(* There is an absolute constant $C$ such that the following holds. Let $G,H$ be finite graphs, $\phi$ a homomorphism from $G$ to $H$, $c=\chi(H)\ge2$, and $d=\max_{v\in V(G)}|\{\phi(w):(v,w)\in E(G)\}|\ge1$. Then $\chi(G)\le C\,d^2\log_2 c$ (the paper's explicit form is $\chi(G)\le 2d(d+1)\log c$).
   Context: A homomorphism from $G$ to $H$ is a map $\phi:V(G)\to V(H)$ such that $(u,v)\in E(G)$ implies $(\phi(u),\phi(v))\in E(H)$. $\chi$ denotes chromatic number. *)

From mathcomp Require Import all_boot.
From Stdlib Require Import Reals.
Set Implicit Arguments. Unset Strict Implicit. Unset Printing Implicit Defensive.

(* A finite simple graph is a symmetric irreflexive relation e on a finType V. *)

Definition colorable (V : finType) (e : rel V) (k : nat) : bool :=
  [exists col : {ffun V -> 'I_k}, [forall u, forall v, e u v ==> (col u != col v)]].

Lemma colorable_card (V : finType) (e : rel V) :
  irreflexive e -> exists k, colorable e k.
Proof.
move=> irr; exists #|V|; apply/existsP; exists [ffun v => enum_rank v].
apply/forallP=> u; apply/forallP=> v; apply/implyP=> euv; rewrite !ffunE.
apply/negP=> /eqP /enum_rank_inj Euv; by rewrite Euv irr in euv.
Qed.

Definition chi (V : finType) (e : rel V) (irr : irreflexive e) : nat :=
  ex_minn (colorable_card irr).

Definition is_hom (V W : finType) (e : rel V) (f : rel W) (phi : V -> W) : Prop :=
  forall u v, e u v -> f (phi u) (phi v).

Definition hom_degree (V W : finType) (e : rel V) (phi : V -> W) : nat :=
  \max_(v : V) #|[set phi w | w in [pred w | e v w]]|.

(* Composing phi with an
   optimal colouring of H gives a proper colouring psi of G by 'I_c in which
   every vertex sees at most d colours among its neighbours.  The "type" of v
   is psi v together with a list of d colours containing those neighbour
   colours; there are at most c^(d+1) types.  A map h : 'I_c -> 'I_(2d)
   "separates" a type if it keeps the own colour apart from every different
   neighbour colour.  A uniformly random h fails on a given type with
   probability at most 1/2, so some h separates half of any set of types,
   and greedily k = (log2 c + 1)(d + 1) maps separate all types.  Colouring v
   by (index of the first map separating its type, value of that map at
   psi v) is proper, whence chi(G) <= 2 d k <= 8 d^2 log2 c. *)

From mathcomp Require Import all_boot zify.
Set Implicit Arguments. Unset Strict Implicit. Unset Printing Implicit Defensive.

Lemma card_set_sum (U : finType) (P : pred U) : #|[set x | P x]| = \sum_(x : U) P x.
Proof. by rewrite -sum1_card big_mkcond; apply: eq_bigr => x _; rewrite inE; case: (P x). Qed.

Lemma card_bigcup_le (I U : finType) (P : pred I) (F : I -> {set U}) :
  #|\bigcup_(i | P i) F i| <= \sum_(i | P i) #|F i|.
Proof.
elim/big_rec2: _ => [|i n X _ le_Xn]; first by rewrite cards0.
by rewrite (leq_trans (leq_card_setU _ X)) // leq_add2l.
Qed.

(* If every target is
   spoilt by at most half of the tests, then some test handles half of any
   set of targets (averaging), and iterating covers any set of fewer than
   2^k targets with k tests (greedy covering). *)
Section GreedyCover.
Variables (H T : finType) (bad : H -> T -> bool).

Lemma double_count (S : {set T}) :
  \sum_(h : H) #|[set t in S | bad h t]| = \sum_(t in S) #|[set h | bad h t]|.
Proof.
under eq_bigr => h _ do rewrite card_set_sum.
rewrite exchange_big /= [RHS]big_mkcond /=; apply: eq_bigr => t _.
rewrite card_set_sum; case: (boolP (t \in S)) => tS; last by rewrite big1.
by apply: eq_bigr.
Qed.

Lemma halving_exists : 0 < #|H| ->
  (forall t, 2 * #|[set h | bad h t]| <= #|H|) ->
  forall S : {set T}, exists h, 2 * #|[set t in S | bad h t]| <= #|S|.
Proof.
move=> H_gt0 few_bad S.
have [/existsP // | /existsPn all_bad] :=
  boolP [exists h, 2 * #|[set t in S | bad h t]| <= #|S|].
have many : #|H| * #|S|.+1 <= 2 * \sum_(h : H) #|[set t in S | bad h t]|.
  rewrite big_distrr -sum_nat_const /=; apply: leq_sum => h _.
  by rewrite ltnNge all_bad.
have few : 2 * \sum_(h : H) #|[set t in S | bad h t]| <= #|S| * #|H|.
  rewrite double_count big_distrr -sum_nat_const /=; exact: leq_sum.
have := leq_trans many few; rewrite [X in _ <= X]mulnC leq_pmul2l //; lia.
Qed.

(* Greedy covering: each chosen test halves the set of uncovered targets. *)
Lemma greedy_cover :
  (forall S : {set T}, exists h, 2 * #|[set t in S | bad h t]| <= #|S|) ->
  forall k (S : {set T}), #|S| < 2 ^ k ->
  exists fam : seq H, size fam <= k /\ forall t, t \in S -> has (fun h => ~~ bad h t) fam.
Proof.
move=> halving; elim=> [|k IHk] S small_S.
  exists [::]; split=> // t tS.
  by move: small_S; rewrite expn0 ltnS leqn0 cards_eq0 => /eqP S0; rewrite S0 inE in tS.
have [h half_bad] := halving S.
have [|fam [size_fam cover]] := IHk [set t in S | bad h t].
  by move: small_S; rewrite expnS; lia.
exists (h :: fam); split=> // t tS /=.
by case: (boolP (bad h t)) => //= bad_t; apply: cover; rewrite inE tS.
Qed.
End GreedyCover.

(* A type (a, s) : A * {ffun 'I_d -> A} stands
   for a vertex of colour a whose neighbours have colours among s; a map
   h : A -> B separates it if h never identifies a with a different s j. *)
Section Separation.
Variables (A B : finType) (d : nat).

Definition separates (h : {ffun A -> B}) (t : A * {ffun 'I_d -> A}) : bool :=
  [forall j, (t.2 j != t.1) ==> (h (t.2 j) != h t.1)].

(* For x != y, the maps identifying x and y are a 1/#|B| fraction of all maps:
   redefining such a map at x injects them, times B, into all maps. *)
Lemma card_collide (x y : A) : x != y ->
  #|[set h : {ffun A -> B} | h x == h y]| * #|B| <= #|B| ^ #|A|.
Proof.
move=> neq_xy; set C := [set h : {ffun A -> B} | h x == h y].
pose upd (p : {ffun A -> B} * B) : {ffun A -> B} :=
  [ffun z => if z == x then p.2 else p.1 z].
have upd_inj : {in setX C [set: B] &, injective upd}.
  move=> [h1 b1] [h2 b2]; rewrite !inE /= => /andP [/eqP C1 _] /andP [/eqP C2 _] /ffunP E.
  have eq_b : b1 = b2 by have := E x; rewrite !ffunE eqxx.
  rewrite eq_b; congr pair; apply/ffunP => z.
  case: (eqVneq z x) => [->|neq_zx].
    by rewrite C1 C2; have := E y; rewrite !ffunE eq_sym (negbTE neq_xy).
  by have := E z; rewrite !ffunE (negbTE neq_zx).
have := max_card (upd @: setX C [set: B]).
by rewrite (card_in_imset upd_inj) cardsX cardsT card_ffun.
Qed.

(* Union bound over the d neighbour slots. *)
Lemma card_nonseparating t :
  #|[set h | ~~ separates h t]| * #|B| <= d * #|B| ^ #|A|.
Proof.
have sub : [set h | ~~ separates h t] \subset
           \bigcup_(j | t.2 j != t.1) [set h : {ffun A -> B} | h (t.2 j) == h t.1].
  apply/subsetP => h; rewrite inE => /forallPn [j]; rewrite negb_imply negbK => /andP [neq eq_h].
  by apply/bigcupP; exists j; rewrite ?inE.
apply: leq_trans (leq_mul (leq_trans (subset_leq_card sub) (card_bigcup_le _ _)) (leqnn _)) _.
rewrite big_distrl /=; apply: (@leq_trans (\sum_(j : 'I_d) #|B| ^ #|A|)).
  by rewrite big_mkcond; apply: leq_sum => j _; case: ifP => // /card_collide.
by rewrite sum_nat_const card_ord.
Qed.

(* If #|B| >= 2d, at most half of the maps fail on a given type, so by greedy
   covering k maps separate all the #|A|^(d+1) < 2^k types. *)
Lemma separating_family k : 0 < #|B| -> d.*2 <= #|B| -> #|A| ^ d.+1 < 2 ^ k ->
  exists fam : seq {ffun A -> B}, size fam <= k /\ forall t, has (fun h => separates h t) fam.
Proof.
move=> B_gt0 large_B few_types.
have few_bad t : 2 * #|[set h | ~~ separates h t]| <= #|{ffun A -> B}|.
  rewrite card_ffun -(leq_pmul2r B_gt0); have := card_nonseparating t.
  rewrite -muln2 in large_B; nia.
have ffun_gt0 : 0 < #|{ffun A -> B}| by rewrite card_ffun expn_gt0 B_gt0.
have small_T : #|[set: A * {ffun 'I_d -> A}]| < 2 ^ k.
  by rewrite cardsT card_prod card_ffun card_ord -expnS.
have [fam [size_fam cover]] := greedy_cover (halving_exists ffun_gt0 few_bad) small_T.
exists fam; split=> // t; rewrite -(eq_has (fun h => negbK (separates h t))).
by apply: cover; rewrite inE.
Qed.
End Separation.

Section Colouring.
Variables (V : finType) (e : rel V).

Lemma colorable_of_proper (T : finType) (col : V -> T) :
  (forall u v, e u v -> col u != col v) -> colorable e #|T|.
Proof.
move=> proper; apply/existsP; exists [ffun v => enum_rank (col v)].
apply/forallP=> u; apply/forallP=> v; apply/implyP=> euv; rewrite !ffunE.
by apply: contra (proper u v euv) => /eqP /enum_rank_inj ->.
Qed.

Lemma chi_le (irr : irreflexive e) k : colorable e k -> chi irr <= k.
Proof. by rewrite /chi; case: ex_minnP => n _ minimal /minimal. Qed.

Lemma chi_colorable (irr : irreflexive e) :
  exists col : V -> 'I_(chi irr), forall u v, e u v -> col u != col v.
Proof.
rewrite /chi; case: ex_minnP => n /existsP [col /forallP proper] _.
by exists col => u v euv; move/forallP/(_ v)/implyP: (proper u); apply.
Qed.

Variables (A B : finType) (d : nat) (psi : V -> A).
Hypothesis psi_proper : forall u v, e u v -> psi u != psi v.

Definition nbr_colours v : {set A} := [set psi w | w in [pred w | e v w]].

Hypothesis few_nbr_colours : forall v, #|nbr_colours v| <= d.

Definition colour_type v : A * {ffun 'I_d -> A} :=
  (psi v, [ffun j : 'I_d => nth (psi v) (enum (nbr_colours v)) j]).

Lemma colour_type_nbr u v : e u v -> exists j, (colour_type u).2 j = psi v.
Proof.
move=> euv; have nbr_v : psi v \in enum (nbr_colours u).
  by rewrite mem_enum; apply/imsetP; exists v.
have lt_d : index (psi v) (enum (nbr_colours u)) < d.
  by rewrite (leq_trans _ (few_nbr_colours u)) // cardE index_mem.
by exists (Ordinal lt_d); rewrite ffunE nth_index.
Qed.

(* Recolour v by the index of the first map of fam separating its type and
   the value of this map at psi v: adjacent vertices with the same index get
   different values since that map separates the type of either one. *)
Lemma colorable_of_family (fam : seq {ffun A -> B}) :
  (forall t : A * {ffun 'I_d -> A}, has (fun h => separates h t) fam) ->
  colorable e (size fam * #|B|).
Proof.
move=> sep_all.
pose idx v := find (fun h => separates h (colour_type v)) fam.
have idx_lt v : idx v < size fam by rewrite -has_find.
pose sep_fun v := tnth (in_tuple fam) (Ordinal (idx_lt v)).
have sep_funP v : separates (sep_fun v) (colour_type v).
  by rewrite /sep_fun (tnth_nth (sep_fun v)); exact: nth_find (sep_all (colour_type v)).
rewrite -[size fam]card_ord -card_prod.
apply: (colorable_of_proper (col := fun v => (Ordinal (idx_lt v), sep_fun v (psi v)))).
move=> u v euv; apply/eqP => -[eq_idx eq_val].
have [j type_j] := colour_type_nbr euv.
have := forallP (sep_funP u) j; rewrite type_j eq_sym psi_proper //=.
have same_fun : sep_fun u = sep_fun v by rewrite /sep_fun; congr tnth; exact: val_inj.
by rewrite eq_val same_fun eqxx.
Qed.
End Colouring.

(* Through a homomorphism, neighbour colours are images of neighbour images. *)
Lemma hom_nbr_colours (V W : finType) (e : rel V) (phi : V -> W) c (col : W -> 'I_c) v :
  #|nbr_colours e (col \o phi) v| <= hom_degree e phi.
Proof.
rewrite /nbr_colours (imset_comp col phi).
apply: leq_trans (leq_imset_card _ _) _.
exact: (@leq_bigmax V (fun v => #|[set phi w | w in [pred w | e v w]]|) v).
Qed.

Lemma chi_hom_le (V W : finType) (e : rel V) (f : rel W)
    (eirr : irreflexive e) (firr : irreflexive f) (phi : V -> W) k :
  is_hom e f phi -> 0 < hom_degree e phi ->
  chi firr ^ (hom_degree e phi).+1 < 2 ^ k ->
  chi eirr <= k * (hom_degree e phi).*2.
Proof.
set c := chi firr; set d := hom_degree e phi => hom d_gt0 few_types.
have [col col_proper] := chi_colorable firr.
have psi_proper u v : e u v -> (col \o phi) u != (col \o phi) v.
  by move=> euv; apply: col_proper; apply: hom.
have [|||fam [size_fam sep_all]] := @separating_family 'I_c 'I_(d.*2) d k;
  rewrite ?card_ord ?double_gt0 //.
have := colorable_of_family psi_proper (hom_nbr_colours e phi col) sep_all.
rewrite card_ord => /(chi_le eirr) /leq_trans; apply.
by rewrite leq_mul2r size_fam orbT.
Qed.

(* With l = floor(log2 c), k = (l+1)(d+1) is admissible in chi_hom_le. *)
Lemma trunc_log2_types c d : 0 < c -> c ^ d.+1 < 2 ^ ((trunc_log 2 c).+1 * d.+1).
Proof. by move=> c_gt0; rewrite expnM ltn_exp2r // trunc_log_ltn. Qed.

Lemma colour_count_le l d : 0 < l -> 0 < d -> l.+1 * d.+1 * d.*2 <= 8 * (d * d * l).
Proof. rewrite -muln2; nia. Qed.

(* Real numbers are loaded only now, since Reals rebinds the notation ^ on nat. *)
From Stdlib Require Import Reals Lra.

Lemma INR_expn a n : INR (expn a n) = (INR a ^ n)%R.
Proof. by elim: n => [|n IHn] //; rewrite expnS -multE mult_INR IHn. Qed.

Lemma trunc_log2_le_log2 c : 0 < c -> (INR (trunc_log 2 c) <= ln (INR c) / ln 2)%R.
Proof.
move=> c_gt0; set l := trunc_log 2 c.
have ln2_gt0 : (0 < ln 2)%R by have := ln_lt_2; lra.
have pow_le : (2 ^ l <= INR c)%R.
  by have := le_INR _ _ (leP (trunc_logP (isT : 1 < 2) c_gt0)); rewrite INR_expn.
have ln_pow_le : (INR l * ln 2 <= ln (INR c))%R.
  rewrite -ln_pow; last lra.
  case: (Rle_lt_or_eq_dec _ _ pow_le) => [lt | ->]; last lra.
  by apply: Rlt_le; apply: ln_increasing => //; apply: pow_lt; lra.
apply: (Rmult_le_reg_r (ln 2)) => //.
by rewrite /Rdiv Rmult_assoc Rinv_l; lra.
Qed.

Theorem mainTheorem8 :
  exists C : R,
  forall (V W : finType) (e : rel V) (f : rel W)
    (esym : symmetric e) (eirr : irreflexive e)
    (fsym : symmetric f) (firr : irreflexive f)
    (phi : V -> W),
    is_hom e f phi ->
    (2 <= chi firr)%N ->
    (1 <= hom_degree e phi)%N ->
    (INR (chi eirr) <= C * INR (hom_degree e phi) ^ 2
                         * (ln (INR (chi firr)) / ln 2))%R.
Proof.
exists 8%R => V W e f _ eirr _ firr phi hom c_ge2 d_gt0.
set c := chi firr in c_ge2 *; set d := hom_degree e phi in d_gt0 *.
have c_gt0 : 0 < c by apply: leq_trans c_ge2.
set l := trunc_log 2 c.
have l_gt0 : 0 < l by rewrite trunc_log_gt0.
have chi_le_nat : chi eirr <= 8 * (d * d * l).
  apply: leq_trans (chi_hom_le eirr hom d_gt0 (trunc_log2_types d c_gt0)) _.
  exact: colour_count_le l_gt0 d_gt0.
apply: Rle_trans (le_INR _ _ (leP chi_le_nat)) _.
rewrite -!multE !mult_INR (_ : INR 8 = 8%R); last by simpl; lra.
rewrite (_ : (8 * (INR d * INR d * INR l) = 8 * INR d ^ 2 * INR l)%R); last ring.
apply: Rmult_le_compat_l; last exact: trunc_log2_le_log2.
by apply: Rmult_le_pos; [lra | apply: pow_le; apply: pos_INR].
Qed.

What is being asked
What is the number of lines above that contain the string "since"? Answer with that number only.

Result of this task
2